The threshold value for determining Wavelet Denoising Method, according to determining threshold value to the coefficient of each level of the predicted characteristics after wavelet decomposition It is adjusted;
Inverse transformation reconstruct is done to adjusted wavelet coefficient, the candidate feature after being denoised.
Optionally, it is carried out at trend by the candidate feature in Wavelet Denoising Method treated candidate feature set for described pair The step of reason, candidate feature set is gone trend treated in acquisition includes:
For the corresponding candidate feature of time quantum each in Wavelet Denoising Method treated candidate feature set, when obtaining this Between the data of continuous multiple time quantums before unit carry out linear regression, to construct trend prediction model, according to it is described become Gesture prediction model obtains the corresponding baseline forecast value of the time quantum;
The baseline forecast value is subtracted using the actual value of the candidate feature of the time quantum, obtains the time after trend Select feature.
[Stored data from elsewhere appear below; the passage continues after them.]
Lemma closed_loop_GAS (R : realType) (n m : nat) (f : 'I_n -> (xu_var n m -> R) -> R)
    (psi : ('I_n -> R) -> 'I_m -> R) (lyap : ('I_n -> R) -> R -> Prop) (c0 : R) :
  (forall x, exists v, lyap x v) -> (forall x v, lyap x v -> 0 <= v) ->
  (forall x v w, lyap x v -> lyap (closed_loop f psi x) w -> w + sqnorm2 x <= v) ->
  (forall x v, lyap x v -> c0 <= v) -> lyap_upper_estimate lyap c0 ->
  GAS f psi.
Proof.
move=> lyap_exists lyap_ge0 lyap_decrease lower upper.
split=> [x0 | e /(lyap_stable lyap_exists lyap_decrease lower upper) [d [d_gt0 stable]]].
  by rewrite traj_iter; exact: lyap_attractive.
by exists d; split=> // x0 /stable; rewrite traj_iter.
Qed.

Section SOSCertificate.
Variables (R : realType) (n m nl ng nh : nat).
Variables (f : 'I_n -> (xu_var n m -> R) -> R) (psi : ('I_n -> R) -> ('I_m -> R)).
Variables (g : 'I_ng -> (xul_var n m nl -> R) -> R).
Variables (h : 'I_nh -> (xul_var n m nl -> R) -> R).
Variables (V : (xul_var n m nl -> R) -> R) (sigma0 : (xi_var n m nl -> R) -> R).
Variables (sigma1 sigma2 : 'I_ng -> (xi_var n m nl -> R) -> R).
Variables (p1 p2 : 'I_nh -> (xi_var n m nl -> R) -> R).
Variable (p3 : 'I_n -> (xi_var n m nl -> R) -> R).
Variables (sb0 : (xul_var n m nl -> R) -> R) (sb1 : 'I_ng -> (xul_var n m nl -> R) -> R).
Variable (pb1 : 'I_nh -> (xul_var n m nl -> R) -> R).

Definition feasible x u lam :=
  (forall i, 0 <= g i (pt_xul x u lam)) /\ (forall j, h j (pt_xul x u lam) = 0).

Hypothesis graph_feasible : forall (x : 'I_n -> R) (u : 'I_m -> R),
  u = psi x <-> exists lam : 'I_nl -> R, feasible x u lam.
Hypotheses (sos_sigma0 : sos sigma0) (sos_sigma1 : forall i, sos (sigma1 i))
  (sos_sigma2 : forall i, sos (sigma2 i)).
Hypothesis dissipation_identity :
  forall (x : 'I_n -> R) (u : 'I_m -> R) (lam : 'I_nl -> R)
         (xp : 'I_n -> R) (up : 'I_m -> R) (lamp : 'I_nl -> R),
    let z := pt_xul x u lam in
    let zp := pt_xul xp up lamp in
    let xi := pt_xi z zp in
    V z - V zp - sqnorm2 x =
      sigma0 xi
      + \sum_(i < ng) sigma1 i xi * g i z
      + \sum_(i < ng) sigma2 i xi * g i zp
      + \sum_(j < nh) p1 j xi * h j z
      + \sum_(j < nh) p2 j xi * h j zp
      + \sum_(i < n) p3 i xi * (xp i - f i (pt_xu x u)).
Hypotheses (sos_sb0 : sos sb0) (sos_sb1 : forall i, sos (sb1 i)).
Hypothesis positivity_identity :
  forall (x : 'I_n -> R) (u : 'I_m -> R) (lam : 'I_nl -> R),
  let z := pt_xul x u lam in
  V z = sb0 z + \sum_(i < ng) sb1 i z * g i z + \sum_(j < nh) pb1 j z * h j z.

Lemma feasible_graph x u lam : feasible x u lam -> u = psi x.
Proof. by move=> feas; apply/graph_feasible; exists lam. Qed.

Lemma feasible_multiplier x : exists lam, feasible x (psi x) lam.
Proof. exact/graph_feasible. Qed.

Lemma feasible_V_ge0 x u lam : feasible x u lam -> 0 <= V (pt_xul x u lam).
Proof.
move=> [g_ge0 h_eq0]; rewrite positivity_identity (sum_mul_eq0 _ h_eq0).
rewrite addr0 addr_ge0 ?sos_ge0 //.
by apply: sumr_ge0 => i _; rewrite mulr_ge0 ?g_ge0 ?sos_ge0.
Qed.

Lemma feasible_dissipation x u lam xp up lamp :
  feasible x u lam -> feasible xp up lamp ->
  \sum_(i < n) p3 i (pt_xi (pt_xul x u lam) (pt_xul xp up lamp)) * (xp i - f i (pt_xu x u))
    <= V (pt_xul x u lam) - V (pt_xul xp up lamp) - sqnorm2 x.
Proof.
move=> [g_ge0 h_eq0] [gp_ge0 hp_eq0]; rewrite dissipation_identity /=.
rewrite (sum_mul_eq0 _ h_eq0) (sum_mul_eq0 _ hp_eq0).
rewrite !addr0 lerDr !addr_ge0 ?sos_ge0 //.
  by apply: sumr_ge0 => i _; rewrite mulr_ge0 ?g_ge0 ?sos_ge0.
by apply: sumr_ge0 => i _; rewrite mulr_ge0 ?gp_ge0 ?sos_ge0.
Qed.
Optionally, the step of preset quantity of the determining feature includes:
Based on xgboost algorithm building model as learner, the candidate feature in the candidate feature set is inputted The learner, feature quantity when being reached preset condition using feature recursion elimination cross validation algorithms selection model performance are made For the preset quantity.
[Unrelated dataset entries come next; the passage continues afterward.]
(* Let $G$ be an $n\times n$ Game of Primes grid (defined in the context) with update map $F$, and let $s_0, s_1, s_2,\dots$ be its sequence of days, where $s_0$ is the configuration in which every cell is dormant and $s_{t+1}=F(s_t)$ for all $t\ge 0$. Let $S=\{s_t : t\ge 0\}$ be the set of all distinct days that occur. Then for every day $k$, there are at most two days $a\in S$ with $F(a)=k$.
   Context: A Game of Primes (GOPM) grid of dimension $n$ is an $n\times n$ grid whose cells are filled with the $n^2$ natural numbers $a, a+d, a+2d,\dots,a+(n^2-1)d$ (for fixed integers $a\ge 1$, $d\ge 1$) in snake-like (boustrophedon) order: the first row is filled left to right starting with $a$ in the top-left cell, the second row right to left, the third row left to right, and so on. Two distinct cells are neighbors if they are adjacent horizontally, vertically or diagonally (so each cell has at most 8 neighbors, a corner cell exactly 3). Each cell is in one of two states, excited or dormant. A configuration (''day'') is an assignment of a state to every cell. For a configuration $s$ and a cell $c$, let $N_s(c)$ be the number of neighbors of $c$ that contain a prime number or are excited in $s$ (or both). The update map $F$ sends $s$ to the configuration $F(s)$ in which: a cell $c$ dormant in $s$ is excited in $F(s)$ iff $N_s(c)\ge 3$; a cell $c$ excited in $s$ is dormant in $F(s)$ iff $N_s(c)\ge 4$ or $N_s(c)=0$, and otherwise remains excited. Day $0$ is the configuration with all cells dormant, and day $t+1$ is $F$ applied to day $t$. *)

From mathcomp Require Import all_boot.
Set Implicit Arguments. Unset Strict Implicit. Unset Printing Implicit Defensive.

(* Cells of an n x n grid: (row, column), rows/columns indexed from 0,
   row 0 is the top row, column 0 the leftmost column. *)
Definition cell (n : nat) := ('I_n * 'I_n)%type.

(* A configuration ("day"): true = excited, false = dormant. *)
Definition config (n : nat) := {ffun cell n -> bool}.

Definition snake_index (n : nat) (c : cell n) : nat :=
  let i := nat_of_ord c.1 in let j := nat_of_ord c.2 in
  if odd i then i * n + (n - 1 - j) else i * n + j.

Definition gopm_value (n a d : nat) (c : cell n) : nat := a + snake_index c * d.

Definition neighbor (n : nat) (c c' : cell n) : bool :=
  [&& c != c',
      nat_of_ord c.1 <= (nat_of_ord c'.1).+1, nat_of_ord c'.1 <= (nat_of_ord c.1).+1,
      nat_of_ord c.2 <= (nat_of_ord c'.2).+1 & nat_of_ord c'.2 <= (nat_of_ord c.2).+1].

Definition active_neighbors (n a d : nat) (s : config n) (c : cell n) : nat :=
  #|[set c' : cell n | neighbor c c' && (prime (gopm_value a d c') || s c')]|.

Definition gopm_step (n a d : nat) (s : config n) : config n :=
  [ffun c => let N := active_neighbors a d s c in
             if s c then ~~ ((4 <= N) || (N == 0)) else 3 <= N].

Definition day0 (n : nat) : config n := [ffun => false].

Definition day (n a d : nat) (t : nat) : config n := iter t (gopm_step a d) (day0 n).
Arguments day : clear implicits.

Definition occurs (n a d : nat) (s : config n) : Prop := exists t, s = day n a d t.

From mathcomp Require Import all_boot.
From mathcomp Require Import zify.

(* Nothing about the Game of Primes is used. Write x_t = f^t(x_0) for the
   orbit of day 0. If f x_i = f x_j = f x_l with i < j and i < l, then
   x_(i+1) = x_(j+1) = x_(l+1), so from x_(i+1) on the orbit is periodic both
   with period p = j - i and with period q = l - i; hence x_j and x_l both
   equal x_(i + pq). *)

Section OrbitPreimages.

Variables (T : Type) (f : T -> T) (x0 : T).

Lemma iter_periodic m p h k :
  m <= h -> iter (m + p) f x0 = iter m f x0 ->
  iter (h + k * p) f x0 = iter h f x0.
Proof.
move=> le_mh per_m; elim: k => [|k IHk]; first by rewrite addn0.
have -> : h + k.+1 * p = (h - m + k * p) + (m + p) by rewrite mulSn; lia.
by rewrite iterD per_m -iterD; have -> : h - m + k * p + m = h + k * p by lia.
Qed.

Lemma orbit_later_preimages_eq y i j l :
  i < j -> i < l ->
  f (iter i f x0) = y -> f (iter j f x0) = y -> f (iter l f x0) = y ->
  iter j f x0 = iter l f x0.
Proof.
move=> lt_ij lt_il; rewrite -!iterS => <- Eji Eli.
have per_j : iter (i.+1 + (j - i)) f x0 = iter i.+1 f x0.
  by rewrite -Eji; congr (iter _ f x0); lia.
have per_l : iter (i.+1 + (l - i)) f x0 = iter i.+1 f x0.
  by rewrite -Eli; congr (iter _ f x0); lia.
rewrite -(iter_periodic _ _ j (l - i).-1 _ per_j); last by lia.
rewrite -(iter_periodic _ _ l (j - i).-1 _ per_l); last by lia.
by congr (iter _ f x0); nia.
Qed.

Lemma orbit_preimages_at_most_two y x1 x2 x3 :
  (exists i, x1 = iter i f x0) -> (exists j, x2 = iter j f x0) ->
  (exists l, x3 = iter l f x0) ->
  f x1 = y -> f x2 = y -> f x3 = y ->
  x1 = x2 \/ x1 = x3 \/ x2 = x3.
Proof.
move=> [i ->] [j ->] [l ->] Ei Ej El.
case: (ltngtP i j) => [lt_ij|lt_ji|->]; last by left.
- case: (ltngtP i l) => [lt_il|lt_li|->]; last by right; left.
  + by right; right; apply: orbit_later_preimages_eq lt_ij lt_il Ei Ej El.
  + by left; apply: orbit_later_preimages_eq lt_li (ltn_trans lt_li lt_ij) El Ei Ej.
- case: (ltngtP j l) => [lt_jl|lt_lj|->]; last by right; right.
  + by right; left; apply: orbit_later_preimages_eq lt_ji lt_jl Ej Ei El.
  + by left; apply: orbit_later_preimages_eq (ltn_trans lt_lj lt_ji) lt_lj El Ei Ej.
Qed.

End OrbitPreimages.

Theorem theorem4p1 (n a d : nat) (ha : 1 <= a) (hd : 1 <= d) (k : config n) :
  forall x y z : config n,
    occurs a d x -> occurs a d y -> occurs a d z ->
    gopm_step a d x = k -> gopm_step a d y = k -> gopm_step a d z = k ->
    x = y \/ x = z \/ y = z.
Proof. exact: orbit_preimages_at_most_two. Qed.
Optionally, described that the candidate feature equal to the preset quantity is filtered out from candidate feature set, constitute prediction The step of characteristic set includes:
Based on xgboost algorithm building model as learner, the candidate feature in the candidate feature set is inputted The learner, and operation is iterated according to feature recursion elimination algorithm;
It obtains the learner and passes through the model coefficient that operation returns, each candidate feature is determined according to the model coefficient The significance level of each candidate feature in set;
The smallest K time of significance level is removed from current candidate feature set according to the significance level of each candidate feature Select feature;
Above-mentioned steps are repeated, until the quantity for the candidate feature that screening obtains reaches the preset quantity;
The candidate feature of the preset quantity constitutes predicted characteristics set.
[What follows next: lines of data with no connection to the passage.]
(* Let $K\subseteq\mathbb{R}^n$ be non-empty and closed. If $s=(s_\alpha)_{\alpha\in\mathbb{N}_0^n}$ is a $K^\sharp$-moment sequence, then $D(s)$ is a $K$-positivity preserver.
   Context: $D(s):=\sum_\alpha\frac{s_\alpha}{\alpha!}\partial^\alpha$ on $\mathbb{R}[x_1,\dots,x_n]$. $T$ is a $K$-positivity preserver if it maps polynomials non-negative on $K$ to polynomials non-negative on $K$. $K^\sharp:=\{x\in\mathbb{R}^n: x+K\subseteq K\}$. For closed $L$, $s$ is an $L$-moment sequence if $s_\alpha=\int x^\alpha\,\mathrm{d}\mu$ for all $\alpha$ for some measure $\mu$ with $\mathrm{supp}\,\mu\subseteq L$. *)

From HB Require Import structures.
From mathcomp Require Import all_boot all_order all_algebra.
From mathcomp Require Import all_classical all_reals all_analysis.
From mathcomp Require mpoly.
(* activate mpoly's canonical instances (they are export-local and we cannot
   Import mpoly next to mathcomp-analysis because of notation clashes) *)
Canonical mpoly.mpoly_MPoly__canonical__Algebra_Additive.
Canonical mpoly.mpoly_MPoly__canonical__GRing_Linear.
Canonical mpoly.mpoly_bmultinom__canonical__choice_Choice.
Canonical mpoly.mpoly_bmultinom__canonical__choice_Countable.
Canonical mpoly.mpoly_bmultinom__canonical__choice_SubChoice.
Canonical mpoly.mpoly_bmultinom__canonical__choice_SubCountable.
Canonical mpoly.mpoly_bmultinom__canonical__eqtype_Equality.
Canonical mpoly.mpoly_bmultinom__canonical__eqtype_SubEquality.
Canonical mpoly.mpoly_bmultinom__canonical__eqtype_SubType.
Canonical mpoly.mpoly_bmultinom__canonical__fintype_Finite.
Canonical mpoly.mpoly_bmultinom__canonical__fintype_SubFinite.
Canonical mpoly.mpoly_comp_mpoly__canonical__Algebra_Additive.
Canonical mpoly.mpoly_comp_mpoly__canonical__GRing_LRMorphism.
Canonical mpoly.mpoly_comp_mpoly__canonical__GRing_Linear.
Canonical mpoly.mpoly_comp_mpoly__canonical__GRing_RMorphism.
Canonical mpoly.mpoly_dhomog__canonical__Algebra_AddMagma.
Canonical mpoly.mpoly_dhomog__canonical__Algebra_AddSemigroup.
Canonical mpoly.mpoly_dhomog__canonical__Algebra_AddUMagma.
Canonical mpoly.mpoly_dhomog__canonical__Algebra_BaseAddMagma.
Canonical mpoly.mpoly_dhomog__canonical__Algebra_BaseAddUMagma.
Canonical mpoly.mpoly_dhomog__canonical__Algebra_BaseZmodule.
Canonical mpoly.mpoly_dhomog__canonical__Algebra_ChoiceBaseAddMagma.
Canonical mpoly.mpoly_dhomog__canonical__Algebra_ChoiceBaseAddUMagma.
Canonical mpoly.mpoly_dhomog__canonical__Algebra_Nmodule.
Canonical mpoly.mpoly_dhomog__canonical__Algebra_SubAddUMagma.
Canonical mpoly.mpoly_dhomog__canonical__Algebra_SubBaseAddUMagma.
Canonical mpoly.mpoly_dhomog__canonical__Algebra_SubNmodule.
Canonical mpoly.mpoly_dhomog__canonical__Algebra_SubZmodule.
Canonical mpoly.mpoly_dhomog__canonical__Algebra_Zmodule.
Canonical mpoly.mpoly_dhomog__canonical__GRing_LSemiModule.
Canonical mpoly.mpoly_dhomog__canonical__GRing_Lmodule.
Canonical mpoly.mpoly_dhomog__canonical__GRing_SubLSemiModule.
Canonical mpoly.mpoly_dhomog__canonical__GRing_SubLmodule.
Canonical mpoly.mpoly_dhomog__canonical__choice_Choice.
Canonical mpoly.mpoly_dhomog__canonical__choice_SubChoice.
Canonical mpoly.mpoly_dhomog__canonical__eqtype_Equality.
Canonical mpoly.mpoly_dhomog__canonical__eqtype_SubEquality.
Canonical mpoly.mpoly_dhomog__canonical__eqtype_SubType.
Canonical mpoly.mpoly_dhomog__canonical__vector_SemiVector.
Canonical mpoly.mpoly_dhomog__canonical__vector_Vector.
Canonical mpoly.mpoly_inject__canonical__Algebra_Additive.
Canonical mpoly.mpoly_inject__canonical__GRing_RMorphism.
Canonical mpoly.mpoly_inject_cast__canonical__Algebra_Additive.
Canonical mpoly.mpoly_inject_cast__canonical__GRing_RMorphism.
Canonical mpoly.mpoly_ipoly__canonical__Algebra_AddMagma.
Canonical mpoly.mpoly_ipoly__canonical__Algebra_AddSemigroup.
Canonical mpoly.mpoly_ipoly__canonical__Algebra_AddUMagma.
Canonical mpoly.mpoly_ipoly__canonical__Algebra_BaseAddMagma.
Canonical mpoly.mpoly_ipoly__canonical__Algebra_BaseAddUMagma.
Canonical mpoly.mpoly_ipoly__canonical__Algebra_BaseZmodule.
Canonical mpoly.mpoly_ipoly__canonical__Algebra_ChoiceBaseAddMagma.
Canonical mpoly.mpoly_ipoly__canonical__Algebra_ChoiceBaseAddUMagma.
Canonical mpoly.mpoly_ipoly__canonical__Algebra_Nmodule.
Canonical mpoly.mpoly_ipoly__canonical__Algebra_Zmodule.
Canonical mpoly.mpoly_ipoly__canonical__GRing_LSemiModule.
Canonical mpoly.mpoly_ipoly__canonical__GRing_Lmodule.
Canonical mpoly.mpoly_ipoly__canonical__GRing_NzRing.
Canonical mpoly.mpoly_ipoly__canonical__GRing_NzSemiRing.
Canonical mpoly.mpoly_ipoly__canonical__GRing_PzRing.
Canonical mpoly.mpoly_ipoly__canonical__GRing_PzSemiRing.
Canonical mpoly.mpoly_ipoly__canonical__choice_Choice.
Canonical mpoly.mpoly_ipoly__canonical__eqtype_Equality.
Canonical mpoly.mpoly_ishomog1_pred__canonical__Algebra_AddClosed.
Canonical mpoly.mpoly_ishomog1_pred__canonical__Algebra_OppClosed.
Canonical mpoly.mpoly_ishomog1_pred__canonical__Algebra_ZmodClosed.
Canonical mpoly.mpoly_ishomog1_pred__canonical__GRing_SubmodClosed.
Canonical mpoly.mpoly_map_mpoly__canonical__Algebra_Additive.
Canonical mpoly.mpoly_map_mpoly__canonical__GRing_RMorphism.
Canonical mpoly.mpoly_mcoeff__canonical__Algebra_Additive.
Canonical mpoly.mpoly_mcoeff__canonical__GRing_LRMorphism.
Canonical mpoly.mpoly_mcoeff__canonical__GRing_Linear.
Canonical mpoly.mpoly_mcoeff__canonical__GRing_RMorphism.
Canonical mpoly.mpoly_mdeg__canonical__mpoly_Measure.
Canonical mpoly.mpoly_mderiv__canonical__Algebra_Additive.
Canonical mpoly.mpoly_mderiv__canonical__GRing_Linear.
Canonical mpoly.mpoly_mderivm__canonical__Algebra_Additive.
Canonical mpoly.mpoly_mderivm__canonical__GRing_Linear.
Canonical mpoly.mpoly_meval__canonical__Algebra_Additive.
Canonical mpoly.mpoly_meval__canonical__GRing_LRMorphism.
Canonical mpoly.mpoly_meval__canonical__GRing_Linear.
Canonical mpoly.mpoly_meval__canonical__GRing_RMorphism.
Canonical mpoly.mpoly_mmap__canonical__Algebra_Additive.
Canonical mpoly.mpoly_mmap__canonical__GRing_RMorphism.
Canonical mpoly.mpoly_mnm_add__canonical__Monoid_ComLaw.
Canonical mpoly.mpoly_mnm_add__canonical__Monoid_Law.
Canonical mpoly.mpoly_mnm_add__canonical__SemiGroup_ComLaw.
Canonical mpoly.mpoly_mnm_add__canonical__SemiGroup_Law.
Canonical mpoly.mpoly_mnmwgt__canonical__mpoly_Measure.
Canonical mpoly.mpoly_mpolyC__canonical__Algebra_Additive.
Canonical mpoly.mpoly_mpolyC__canonical__GRing_RMorphism.
Canonical mpoly.mpoly_mpolyOver_pred__canonical__Algebra_AddClosed.
Canonical mpoly.mpoly_mpolyOver_pred__canonical__Algebra_OppClosed.
Canonical mpoly.mpoly_mpolyOver_pred__canonical__Algebra_ZmodClosed.
Canonical mpoly.mpoly_mpolyOver_pred__canonical__GRing_Mul2Closed.
Canonical mpoly.mpoly_mpolyOver_pred__canonical__GRing_MulClosed.
Canonical mpoly.mpoly_mpolyOver_pred__canonical__GRing_Semiring2Closed.
Canonical mpoly.mpoly_mpolyOver_pred__canonical__GRing_SemiringClosed.
Canonical mpoly.mpoly_mpolyOver_pred__canonical__GRing_SmulClosed.
Canonical mpoly.mpoly_mpolyOver_pred__canonical__GRing_SubringClosed.
Canonical mpoly.mpoly_mpoly__canonical__Algebra_AddMagma.
Canonical mpoly.mpoly_mpoly__canonical__Algebra_AddSemigroup.
Canonical mpoly.mpoly_mpoly__canonical__Algebra_AddUMagma.
Canonical mpoly.mpoly_mpoly__canonical__Algebra_BaseAddMagma.
Canonical mpoly.mpoly_mpoly__canonical__Algebra_BaseAddUMagma.
Canonical mpoly.mpoly_mpoly__canonical__Algebra_BaseZmodule.
Canonical mpoly.mpoly_mpoly__canonical__Algebra_ChoiceBaseAddMagma.
Canonical mpoly.mpoly_mpoly__canonical__Algebra_ChoiceBaseAddUMagma.
Canonical mpoly.mpoly_mpoly__canonical__Algebra_Nmodule.
Canonical mpoly.mpoly_mpoly__canonical__Algebra_Zmodule.
Canonical mpoly.mpoly_mpoly__canonical__GRing_Algebra.
Canonical mpoly.mpoly_mpoly__canonical__GRing_ComAlgebra.
Canonical mpoly.mpoly_mpoly__canonical__GRing_ComNzRing.
Canonical mpoly.mpoly_mpoly__canonical__GRing_ComNzSemiRing.
Canonical mpoly.mpoly_mpoly__canonical__GRing_ComPzRing.
Canonical mpoly.mpoly_mpoly__canonical__GRing_ComPzSemiRing.
Canonical mpoly.mpoly_mpoly__canonical__GRing_ComSemiAlgebra.
Canonical mpoly.mpoly_mpoly__canonical__GRing_ComUnitAlgebra.
Canonical mpoly.mpoly_mpoly__canonical__GRing_ComUnitRing.
Canonical mpoly.mpoly_mpoly__canonical__GRing_IntegralDomain.
Canonical mpoly.mpoly_mpoly__canonical__GRing_LSemiAlgebra.
Canonical mpoly.mpoly_mpoly__canonical__GRing_LSemiModule.
Canonical mpoly.mpoly_mpoly__canonical__GRing_Lalgebra.
Canonical mpoly.mpoly_mpoly__canonical__GRing_Lmodule.
Canonical mpoly.mpoly_mpoly__canonical__GRing_NzRing.
Canonical mpoly.mpoly_mpoly__canonical__GRing_NzSemiRing.
Canonical mpoly.mpoly_mpoly__canonical__GRing_PzRing.
Canonical mpoly.mpoly_mpoly__canonical__GRing_PzSemiRing.
Canonical mpoly.mpoly_mpoly__canonical__GRing_SemiAlgebra.
Canonical mpoly.mpoly_mpoly__canonical__GRing_UnitAlgebra.
Canonical mpoly.mpoly_mpoly__canonical__GRing_UnitRing.
Canonical mpoly.mpoly_mpoly__canonical__choice_Choice.
Canonical mpoly.mpoly_mpoly__canonical__choice_SubChoice.
Canonical mpoly.mpoly_mpoly__canonical__eqtype_Equality.
Canonical mpoly.mpoly_mpoly__canonical__eqtype_SubEquality.
Canonical mpoly.mpoly_mpoly__canonical__eqtype_SubType.
Canonical mpoly.mpoly_mpoly_of_dhomog__canonical__Algebra_Additive.
Canonical mpoly.mpoly_mpoly_of_dhomog__canonical__GRing_Linear.
Canonical mpoly.mpoly_mpwiden__canonical__Algebra_Additive.
Canonical mpoly.mpoly_mpwiden__canonical__GRing_RMorphism.
Canonical mpoly.mpoly_msym__canonical__Algebra_Additive.
Canonical mpoly.mpoly_msym__canonical__GRing_LRMorphism.
Canonical mpoly.mpoly_msym__canonical__GRing_Linear.
Canonical mpoly.mpoly_msym__canonical__GRing_RMorphism.
Canonical mpoly.mpoly_multinom__canonical__Order_BDistrLattice.
Canonical mpoly.mpoly_multinom__canonical__Order_BJoinSemilattice.
Canonical mpoly.mpoly_multinom__canonical__Order_BLattice.
Canonical mpoly.mpoly_multinom__canonical__Order_BMeetSemilattice.
Canonical mpoly.mpoly_multinom__canonical__Order_BPOrder.
Canonical mpoly.mpoly_multinom__canonical__Order_BPreorder.
Canonical mpoly.mpoly_multinom__canonical__Order_BTotal.
Canonical mpoly.mpoly_multinom__canonical__Order_DistrLattice.
Canonical mpoly.mpoly_multinom__canonical__Order_JoinSemilattice.
Canonical mpoly.mpoly_multinom__canonical__Order_Lattice.
Canonical mpoly.mpoly_multinom__canonical__Order_MeetSemilattice.
Canonical mpoly.mpoly_multinom__canonical__Order_POrder.
Canonical mpoly.mpoly_multinom__canonical__Order_Preorder.
Canonical mpoly.mpoly_multinom__canonical__Order_Total.
Canonical mpoly.mpoly_multinom__canonical__choice_Choice.
Canonical mpoly.mpoly_multinom__canonical__choice_Countable.
Canonical mpoly.mpoly_multinom__canonical__choice_SubChoice.
Canonical mpoly.mpoly_multinom__canonical__choice_SubCountable.
Canonical mpoly.mpoly_multinom__canonical__eqtype_Equality.
Canonical mpoly.mpoly_multinom__canonical__eqtype_SubEquality.
Canonical mpoly.mpoly_multinom__canonical__eqtype_SubType.
Canonical mpoly.mpoly_muni__canonical__Algebra_Additive.
Canonical mpoly.mpoly_muni__canonical__GRing_RMorphism.
Canonical mpoly.mpoly_mwiden__canonical__Algebra_Additive.
Canonical mpoly.mpoly_mwiden__canonical__GRing_RMorphism.
Canonical mpoly.mpoly_pihomog__canonical__Algebra_Additive.
Canonical mpoly.mpoly_pihomog__canonical__GRing_Linear.
Canonical mpoly.mpoly_symmetric_pred__canonical__Algebra_AddClosed.
Canonical mpoly.mpoly_symmetric_pred__canonical__Algebra_OppClosed.
Canonical mpoly.mpoly_symmetric_pred__canonical__Algebra_ZmodClosed.
Canonical mpoly.mpoly_symmetric_pred__canonical__GRing_DivClosed.
Canonical mpoly.mpoly_symmetric_pred__canonical__GRing_DivalgClosed.
Canonical mpoly.mpoly_symmetric_pred__canonical__GRing_DivringClosed.
Canonical mpoly.mpoly_symmetric_pred__canonical__GRing_Mul2Closed.
Canonical mpoly.mpoly_symmetric_pred__canonical__GRing_MulClosed.
Canonical mpoly.mpoly_symmetric_pred__canonical__GRing_SdivClosed.
Canonical mpoly.mpoly_symmetric_pred__canonical__GRing_Semiring2Closed.
Canonical mpoly.mpoly_symmetric_pred__canonical__GRing_SemiringClosed.
Canonical mpoly.mpoly_symmetric_pred__canonical__GRing_SmulClosed.
Canonical mpoly.mpoly_symmetric_pred__canonical__GRing_SubalgClosed.
Canonical mpoly.mpoly_symmetric_pred__canonical__GRing_SubmodClosed.
Canonical mpoly.mpoly_symmetric_pred__canonical__GRing_SubringClosed.

Set Implicit Arguments. Unset Strict Implicit. Unset Printing Implicit Defensive.
Import Order.TTheory GRing.Theory Num.Theory.
Import numFieldNormedType.Exports.
Local Open Scope classical_set_scope.
Local Open Scope ring_scope.

(* R^n is 'rV[R]_n with its (product / sup-norm) topology. *)
Notation Rn R n := 'rV[R]_n.

Definition BorelRn (R : realType) (n : nat) :=
  g_sigma_algebraType (@open (Rn R n)).

Definition coords (R : realType) (n : nat) (x : Rn R n) : 'I_n -> R :=
  fun i => x ord0 i.

Definition monom (R : realType) (n : nat) (alpha : mpoly.multinom n)
    (x : Rn R n) : R :=
  \prod_(i < n) (x ord0 i) ^+ (mpoly.fun_of_multinom alpha i).

Definition mfact (n : nat) (alpha : mpoly.multinom n) : nat :=
  (\prod_(i < n) (mpoly.fun_of_multinom alpha i)`!)%N.

(* D(s) p = sum_alpha s_alpha / alpha! * d^alpha p.  For a given p only the
   alpha with |alpha| < msize p (i.e. |alpha| <= deg p) can give a non-zero
   derivative, so the (formally infinite) sum is the finite sum below. *)
Definition Dop (R : realType) (n : nat) (s : mpoly.multinom n -> R)
    (p : mpoly.mpoly n R) : mpoly.mpoly n R :=
  \sum_(a : mpoly.bmultinom n ((\max_(m <- mpoly.msupp p) (mpoly.mdeg m).+1)%N))
     (s (mpoly.bmnm a) / (mfact (mpoly.bmnm a))%:R) *: mpoly.mderivm (mpoly.bmnm a) p.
In addition, to achieve the above object, the present invention also provides a kind of generating means of influenza prediction model, which includes Memory and processor are stored with the model generator that can be run on the processor, the model in the memory It generates when program is executed by the processor and realizes following steps:
Target area to be predicted and the public sentiment keyword with influenza prediction and matching are determined, according to the public sentiment keyword Obtain public sentiment data sequence of the target area in continuous multiple time quantums, and by the carriage in the public sentiment data sequence Feelings data construct candidate feature set as candidate feature;
Wavelet Denoising Method processing is carried out to the candidate feature in the candidate feature set;
It handles trend is carried out by the candidate feature in Wavelet Denoising Method treated candidate feature set, acquisition goes Gesture treated candidate feature set;
It determines the preset quantity of feature, and filters out the candidate spy equal to the preset quantity from candidate feature set Sign constitutes predicted characteristics set;
The actual observed value for obtaining the influenza-like case percentage in continuous multiple time quantums, according to the prediction Characteristic set and the actual observed value are as training sample, and the trained prediction model constructed based on xgboost algorithm is with determination Model parameter, and the prediction model of model parameter will have been determined as influenza prediction model.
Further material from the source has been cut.